In the data, find the word "injective" and copy out every line that has it.

======== PROVIDED DATA

(* For every $n\ge3$, every maximally even set of vertices of $C_n$ is a maximizer of $W$ on $C_n$. However, the converse fails: there exist $n$ and sets of vertices of $C_n$ that are maximizers of $W$ but are not maximally even.
   Context: $C_n$ has vertex set $\{0,\dots,n-1\}$ with $i$ adjacent to $i+1\bmod n$; $d$ is geodesic distance and $d^*(u,v)$ the least non-negative integer congruent to $v-u$ mod $n$. $W(A)=\sum_{\{u,v\}\subseteq A,u\ne v}d(u,v)$; $A$ is a maximizer of $W$ if $W(A)=\max\{W(B):|B|=|A|\}$. For $A=\{a_0<\dots<a_{m-1}\}$, $\mathrm{span}_A(a_i,a_j)$ is the least positive integer congruent to $j-i$ mod $m$, and $\sigma^*_k(A)=[\,d^*(u,v):u,v\in A,u\ne v,\mathrm{span}_A(u,v)=k\,]$. $A$ is maximally even if for each $1\le k\le m-1$ the set of values of $\sigma^*_k(A)$ is one integer or two consecutive integers. *)

From mathcomp Require Import all_boot.
Set Implicit Arguments. Unset Strict Implicit. Unset Printing Implicit Defensive.

Section Cycle.
Variable n : nat.

Definition dstar (u v : 'I_n) : nat := (v + n - u) %% n.

Definition dist (u v : 'I_n) : nat := minn (dstar u v) (dstar v u).

Definition W (A : {set 'I_n}) : nat :=
  \sum_(u in A) \sum_(v in A | u < v) dist u v.

Definition maximizer (A : {set 'I_n}) : Prop :=
  forall B : {set 'I_n}, #|B| = #|A| -> W B <= W A.

(* index i of u in the increasing enumeration a_0 < ... < a_{m-1} of A *)
Definition idx (A : {set 'I_n}) (u : 'I_n) : nat := #|[set x in A | x < u]|.

(* span_A(a_i, a_j): least positive integer congruent to j - i mod m
   (for a_i <> a_j this is (j - i) mod m, which lies in 1..m-1) *)
Definition span (A : {set 'I_n}) (u v : 'I_n) : nat :=
  (idx A v + #|A| - idx A u) %% #|A|.

Definition max_even (A : {set 'I_n}) : Prop :=
  forall k, 1 <= k <= #|A| - 1 ->
    (exists u v, [/\ u \in A, v \in A, u != v & span A u v = k]) /\
    exists c : nat, forall u v, u \in A -> v \in A -> u != v ->
      span A u v = k -> dstar u v = c \/ dstar u v = c.+1.

End Cycle.

(* Enumerate a set B of m vertices cyclically as b_0 < ... < b_(m-1), indices
   mod m.  Counting each pair twice, 2 W(B) is the sum over the span
   k = 1 .. m-1 of the k-th layer sum_j dist(b_j, b_(j+k)), and
   dist(b_j, b_(j+k)) = f(d*(b_j, b_(j+k))) with f x = min(x, n - x).  The
   layer's directed distances always add up to k n, whatever B is, because
   the k-steps b_j -> b_(j+k) wind k times around the cycle.  As f is
   concave, a sum of f over m numbers of fixed total is largest when the
   numbers differ by at most one, which is exactly what maximal evenness
   asserts of each layer.  Conversely, {0,1,3} in C_6 has the same W as the
   maximally even {0,2,4} without being maximally even itself. *)
From mathcomp Require Import all_boot.
From mathcomp Require Import zify.
Set Implicit Arguments. Unset Strict Implicit. Unset Printing Implicit Defensive.

Section Rank.
Variables (n : nat) (B : {set 'I_n}).

Lemma idx_ltn_card u : u \in B -> idx B u < #|B|.
Proof.
move=> uB; rewrite /idx (cardsD1 u B) uB add1n ltnS.
apply: subset_leq_card; apply/subsetP => x; rewrite !inE => /andP[xB xu].
by rewrite xB andbT; apply: contraTneq xu => ->; rewrite ltnn.
Qed.

Lemma idx_ltn (u v : 'I_n) : u \in B -> u < v -> idx B u < idx B v.
Proof.
move=> uB uv; rewrite /idx (cardsD1 u [set x in B | x < v]) inE uB uv add1n ltnS.
apply: subset_leq_card; apply/subsetP => x; rewrite !inE => /andP[xB xu].
rewrite xB (ltn_trans xu uv) !andbT.
by apply: contraTneq xu => ->; rewrite ltnn.
Qed.

Lemma idx_inj : {in B &, injective (idx B)}.
Proof.
move=> u v uB vB e; case: (ltngtP u v) => [uv | vu | /val_inj //].
- by have := idx_ltn uB uv; rewrite e ltnn.
- by have := idx_ltn vB vu; rewrite e ltnn.
Qed.

Lemma idx_onto j : j < #|B| -> exists2 u, u \in B & idx B u = j.
Proof.
move=> jB; have m_gt0 : 0 < #|B| by apply: leq_ltn_trans jB.
pose h (u : 'I_n) : 'I_#|B|.-1.+1 := inord (idx B u).
have hE u : u \in B -> val (h u) = idx B u.
  by move=> uB; rewrite /h /= inordK ?prednK ?idx_ltn_card.
have h_inj : {in B &, injective h}.
  by move=> u v uB vB /(congr1 val); rewrite !hE //; apply: idx_inj.
have h_onto : h @: B = [set: 'I_#|B|.-1.+1].
  by apply/eqP; rewrite eqEcard subsetT cardsT card_ord card_in_imset // prednK ?leqnn.
have : inord j \in h @: B by rewrite h_onto in_setT.
case/imsetP => u uB /(congr1 val); rewrite hE // /= inordK ?prednK // => ->.
by exists u.
Qed.

(* [x0] is a junk default, irrelevant once [x0 \in B]. *)
Definition at_rank (x0 : 'I_n) (j : nat) : 'I_n :=
  odflt x0 [pick u in B | idx B u == j %% #|B|].

Variable x0 : 'I_n.
Hypothesis x0B : x0 \in B.

Let m_gt0 : 0 < #|B|.
Proof. by apply/card_gt0P; exists x0. Qed.

Lemma at_rankP j : at_rank x0 j \in B /\ idx B (at_rank x0 j) = j %% #|B|.
Proof.
rewrite /at_rank; case: pickP => [u /andP[uB /eqP ->] | noB] //=.
have [u uB hu] := idx_onto (ltn_pmod j m_gt0).
by move: (noB u); rewrite uB hu eqxx.
Qed.

Lemma at_rankDcard j : at_rank x0 (j + #|B|) = at_rank x0 j.
Proof. by rewrite /at_rank modnDr. Qed.

Lemma at_rank_idx u : u \in B -> at_rank x0 (idx B u) = u.
Proof.
move=> uB; have [rB rE] := at_rankP (idx B u).
by apply: idx_inj; rewrite // rE modn_small ?idx_ltn_card.
Qed.

Lemma at_rank_ltn j j' : j < j' < #|B| -> at_rank x0 j < at_rank x0 j'.
Proof.
move=> /andP[jj' j'B]; have jB := ltn_trans jj' j'B.
have [rB rE] := at_rankP j; have [rB' rE'] := at_rankP j'.
rewrite !modn_small // in rE rE'.
case: ltngtP => // [gt_b | /val_inj eq_b].
- by have := idx_ltn rB' gt_b; rewrite rE rE' ltnNge (ltnW jj').
- by move: jj'; rewrite -rE -rE' eq_b ltnn.
Qed.

Lemma sum_at_rank (F : 'I_n -> nat) :
  \sum_(u in B) F u = \sum_(j < #|B|) F (at_rank x0 j).
Proof.
rewrite (reindex_onto (fun j : 'I_#|B| => at_rank x0 j)
   (fun u => Ordinal (ltn_pmod (idx B u) m_gt0))) /=.
  apply: eq_bigl => j; have [-> ->] := at_rankP j.
  by apply/eqP; apply: val_inj; rewrite /= modn_mod modn_small.
by move=> u uB; apply: val_inj; rewrite /= (modn_small (idx_ltn_card uB)) at_rank_idx.
Qed.

Lemma span_at_rank j K : j < #|B| -> 0 < K < #|B| ->
  span B (at_rank x0 j) (at_rank x0 (j + K)) = K.
Proof.
move=> jB /andP[K_gt0 KB]; rewrite /span.
have [_ ->] := at_rankP j; have [_ ->] := at_rankP (j + K).
move: jB KB; set m := #|B| => jB KB; clearbody m.
rewrite (modn_small jB); case: (ltnP (j + K) m) => jKm.
  by rewrite (modn_small jKm) -addnBAC ?leq_addr // addKn modnDr modn_small.
rewrite -{1}(subnK jKm) modnDr (@modn_small (j + K - m)); last by lia.
by rewrite (_ : j + K - m + m - j = K) ?modn_small //; lia.
Qed.

End Rank.

Lemma span_uu n (B : {set 'I_n}) u : span B u u = 0.
Proof. by rewrite /span addKn modnn. Qed.

Lemma sum_ord_shift m k (h : nat -> nat) : (forall j, h (j + m) = h j) ->
  \sum_(j < m) h (j + k) = \sum_(j < m) h j.
Proof.
elim: k h => [|k IH] h hp; first by apply: eq_bigr => j _; rewrite addn0.
under eq_bigr => j _ do rewrite addnS.
rewrite (IH (fun i => h i.+1)); last by move=> j; rewrite /= -addSn hp.
case: m hp {IH} => [|m] hp; first by rewrite !big_ord0.
by rewrite big_ord_recr big_ord_recl /= addnC -(hp 0) add0n.
Qed.

Section Distances.
Variable n : nat.
Implicit Types u v : 'I_n.

Lemma dstar_leq u v : u <= v -> dstar u v = v - u.
Proof.
move=> uv; rewrite /dstar -addnBAC // modnDr modn_small //.
exact: leq_ltn_trans (leq_subr u v) (ltn_ord v).
Qed.

Lemma dstar_gtn u v : v < u -> dstar u v = v + n - u.
Proof. by move=> vu; rewrite /dstar modn_small //; have := ltn_ord u; lia. Qed.

Lemma dstar_ltn u v : dstar u v < n.
Proof. by rewrite /dstar ltn_pmod // (leq_ltn_trans (leq0n u) (ltn_ord u)). Qed.

Lemma dist_dstar u v : dist u v = minn (dstar u v) (n - dstar u v).
Proof.
rewrite /dist; case: (ltngtP u v) => [uv | vu | /val_inj ->].
- by rewrite (dstar_leq (ltnW uv)) (dstar_gtn uv); have := ltn_ord v; lia.
- by rewrite (dstar_leq (ltnW vu)) (dstar_gtn vu); have := ltn_ord u; lia.
- by rewrite dstar_leq // subnn !min0n.
Qed.

Lemma distC u v : dist u v = dist v u.
Proof. by rewrite /dist minnC. Qed.

Lemma distuu u : dist u u = 0.
Proof. by rewrite /dist dstar_leq // subnn min0n. Qed.

Lemma W_double (B : {set 'I_n}) :
  W B * 2 = \sum_(u in B) \sum_(v in B) dist u v.
Proof.
rewrite muln2 -addnn {2}/W (exchange_big_dep (mem B)) /=; last by move=> u v _ /andP[].
rewrite /W -big_split /=; apply: eq_bigr => u uB.
rewrite [RHS](bigD1 u) //= distuu add0n [RHS](bigID (fun v : 'I_n => u < v)) /=.
congr (_ + _); apply: eq_big => v.
- by rewrite -val_eqE /=; case: ltngtP; rewrite ?andbT ?andbF.
- by [].
- by rewrite -val_eqE /= uB; case: ltngtP; rewrite ?andbT ?andbF.
- by rewrite distC.
Qed.

Section Layers.
Variables (B : {set 'I_n}) (x0 : 'I_n).
Hypothesis x0B : x0 \in B.
Local Notation b := (at_rank B x0).

Lemma W_double_layers :
  W B * 2 = \sum_(k < #|B|.-1) \sum_(j < #|B|) dist (b j) (b (j + k.+1)).
Proof.
have m_gt0 : 0 < #|B| by apply/card_gt0P; exists x0.
rewrite W_double (sum_at_rank x0B) [RHS]exchange_big /=; apply: eq_bigr => j _.
rewrite (sum_at_rank x0B) -(@sum_ord_shift _ j (fun i => dist (b j) (b i))); last first.
  by move=> i; rewrite at_rankDcard.
have big_recl (F : nat -> nat) : \sum_(i < #|B|) F i = F 0 + \sum_(k < #|B|.-1) F k.+1.
  by case: #|B| m_gt0 => // m _; rewrite big_ord_recl.
rewrite (big_recl (fun i => dist (b j) (b (i + j)))) add0n distuu add0n.
by apply: eq_bigr => k _; rewrite addnC.
Qed.

(* Steps with [j + K < #|B|] go forward; the other [K] steps wrap around the
   cycle and each contribute an extra [n]. *)
Lemma sum_dstar_layer K : 0 < K < #|B| ->
  \sum_(j < #|B|) dstar (b j) (b (j + K)) = K * n.
Proof.
move=> /andP[K_gt0 KB]; apply: (@addIn (\sum_(j < #|B|) val (b j))).
rewrite -big_split /=.
rewrite (eq_bigr (fun j : 'I_#|B| => val (b (j + K)) + (if j < #|B| - K then 0 else n))); last first.
  move=> j _; have jB := ltn_ord j; case: ifP => jK.
    have lt_b : b j < b (j + K) by apply: at_rank_ltn => //; lia.
    by rewrite dstar_leq ?(ltnW lt_b) // addn0 subnK // ltnW.
  have -> : b (j + K) = b (j + K - #|B|) by rewrite -[RHS]at_rankDcard subnK //; lia.
  have lt_b : b (j + K - #|B|) < b j by apply: at_rank_ltn => //; lia.
  by rewrite dstar_gtn // subnK // ltnW // (leq_trans (ltn_ord _) (leq_addl _ _)).
rewrite big_split /= (@sum_ord_shift _ K (fun i => val (b i))); last first.
  by move=> i; rewrite at_rankDcard.
rewrite addnC; congr (_ + _).
rewrite -(big_mkord xpredT (fun j => if j < #|B| - K then 0 else n)).
rewrite (@big_cat_nat _ _ _ (#|B| - K)) ?leq_subr //= big_nat_cond big1 ?add0n; last first.
  by move=> i /andP[/andP[_ ->]].
rewrite big_nat_cond (eq_bigr (fun=> n)); last by move=> i /andP[/andP[+ _] _]; rewrite ltnNge => ->.
by rewrite -big_nat_cond sum_nat_const_nat subKn // ltnW.
Qed.

End Layers.
End Distances.

(* Discrete concavity of [x |-> minn x (n - x)]. *)
Lemma sum_minn_balanced n m c (x y : nat -> nat) :
  (forall j, j < m -> x j = c \/ x j = c.+1) ->
  (forall j, j < m -> x j <= n) -> (forall j, j < m -> y j <= n) ->
  \sum_(j < m) x j = \sum_(j < m) y j ->
  \sum_(j < m) minn (y j) (n - y j) <= \sum_(j < m) minn (x j) (n - x j).
Proof.
move=> x_bal x_le y_le sum_xy.
have x_c j : j < m -> c <= x j <= c.+1 by move=> /x_bal; lia.
case: (leqP c.*2.+2 n) => [c_small | c_big].
  rewrite [X in _ <= X](eq_bigr (fun j : 'I_m => x j)); last first.
    by move=> j _; apply/minn_idPl; have := x_c j (ltn_ord j); lia.
  by rewrite sum_xy; apply: leq_sum => j _; apply: geq_minl.
case: (leqP n c.*2) => [c_large | c_mid].
  rewrite [X in _ <= X](eq_bigr (fun j : 'I_m => n - x j)); last first.
    by move=> j _; apply/minn_idPr; have := x_c j (ltn_ord j); lia.
  apply: (@leq_trans (\sum_(j < m) (n - y j))); first by apply: leq_sum => j _; apply: geq_minr.
  by rewrite !sumnB ?sum_xy // => j _; [exact: y_le (ltn_ord j) | exact: x_le (ltn_ord j)].
rewrite [X in _ <= X](eq_bigr (fun j : 'I_m => c)); last first.
  by move=> j _; have := x_c j (ltn_ord j); lia.
by apply: leq_sum => j _; lia.
Qed.

Lemma max_even_maximizer n (A : {set 'I_n}) : max_even A -> maximizer A.
Proof.
move=> evenA B cardB.
have [A0 | A_gt0] := posnP #|A|.
  by rewrite (cards0_eq (etrans cardB A0)) /W big_set0.
have [x0 x0A] := card_gt0P A_gt0.
have [y0 y0B] : exists y0, y0 \in B by apply/card_gt0P; rewrite cardB.
rewrite -(leq_pmul2r (isT : 0 < 2)) (W_double_layers y0B) (W_double_layers x0A) cardB.
apply: leq_sum => k _; have kA : 0 < k.+1 < #|A| by rewrite ltn0Sn /= -ltn_predRL.
have [_ [c evenAk]] := evenA k.+1 ltac:(by rewrite subn1 ltn_predRL kA).
under eq_bigr do rewrite dist_dstar; under [X in _ <= X]eq_bigr do rewrite dist_dstar.
apply: (sum_minn_balanced (c := c)
  (x := fun j => dstar (at_rank A x0 j) (at_rank A x0 (j + k.+1)))
  (y := fun j => dstar (at_rank B y0 j) (at_rank B y0 (j + k.+1)))) => [j jA | j _ | j _ |].
- have [aA _] := at_rankP x0A j; have [aA' _] := at_rankP x0A (j + k.+1).
  have spanA := span_at_rank x0A jA kA.
  by apply: evenAk => //; apply: contra_eqN spanA => /eqP->; rewrite span_uu.
- exact/ltnW/dstar_ltn.
- exact/ltnW/dstar_ltn.
- have layerB := @sum_dstar_layer _ _ _ y0B k.+1; rewrite cardB in layerB.
  by rewrite (sum_dstar_layer x0A kA) layerB.
Qed.

Definition v0 : 'I_6 := @Ordinal 6 0 isT.
Definition v1 : 'I_6 := @Ordinal 6 1 isT.
Definition v2 : 'I_6 := @Ordinal 6 2 isT.
Definition v3 : 'I_6 := @Ordinal 6 3 isT.
Definition v4 : 'I_6 := @Ordinal 6 4 isT.

Definition triangle : {set 'I_6} := v0 |: (v2 |: [set v4]).
Definition skew_triangle : {set 'I_6} := v0 |: (v1 |: [set v3]).

Lemma card_triangle : #|triangle| = 3.
Proof. by rewrite !cardsU1 cards1 !inE. Qed.

Lemma card_skew_triangle : #|skew_triangle| = 3.
Proof. by rewrite !cardsU1 cards1 !inE. Qed.

Lemma idx_triangle :
  [/\ idx triangle v0 = 0, idx triangle v2 = 1 & idx triangle v4 = 2].
Proof.
have := @idx_ltn _ triangle v0 v2; have := @idx_ltn _ triangle v2 v4.
have := @idx_ltn_card _ triangle v4; rewrite card_triangle !inE eqxx /=.
by move=> ? ? ?; split; lia.
Qed.

Lemma idx_skew_triangle :
  [/\ idx skew_triangle v0 = 0, idx skew_triangle v1 = 1 & idx skew_triangle v3 = 2].
Proof.
have := @idx_ltn _ skew_triangle v0 v1; have := @idx_ltn _ skew_triangle v1 v3.
have := @idx_ltn_card _ skew_triangle v3; rewrite card_skew_triangle !inE eqxx /=.
by move=> ? ? ?; split; lia.
Qed.

Lemma max_even_triangle : max_even triangle.
Proof.
have [i0 i2 i4] := idx_triangle.
move=> k; rewrite card_triangle => k_range; split.
  have [-> | ->] : k = 1 \/ k = 2 by lia.
  - by exists v0, v2; rewrite /span i0 i2 card_triangle !inE eqxx.
  - by exists v0, v4; rewrite /span i0 i4 card_triangle !inE eqxx.
exists k.*2 => u v; rewrite !inE => /or3P[]/eqP-> /or3P[]/eqP-> //= _;
  by rewrite /span card_triangle ?i0 ?i2 ?i4 => <-; left.
Qed.

Lemma W_skew_triangle : W skew_triangle = W triangle.
Proof.
rewrite /W !big_setU1 ?big_set1 ?inE //= !big_mkcondr /=.
by rewrite !big_setU1 ?big_set1 ?inE.
Qed.

Lemma skew_triangle_not_max_even : ~ max_even skew_triangle.
Proof.
have [i0 i1 i3] := idx_skew_triangle.
move=> /(_ 1 ltac:(by rewrite card_skew_triangle)) [_ [c even1]].
have := even1 v0 v1; have := even1 v3 v0.
rewrite /span i0 i1 i3 card_skew_triangle !inE eqxx /dstar /=; lia.
Qed.

Theorem mainTheorem15 :
  (forall (n : nat) (A : {set 'I_n}), 3 <= n -> max_even A -> maximizer A) /\
  (exists (n : nat) (A : {set 'I_n}), 3 <= n /\ maximizer A /\ ~ max_even A).
Proof.
split; first by move=> n A _; apply: max_even_maximizer.
exists 6, skew_triangle; split => //; split; last exact: skew_triangle_not_max_even.
move=> B cardB; rewrite W_skew_triangle; apply: (max_even_maximizer max_even_triangle).
by rewrite cardB card_skew_triangle card_triangle.
Qed.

================

RESPONSE -
Lemma idx_inj : {in B &, injective (idx B)}.
have h_inj : {in B &, injective h}.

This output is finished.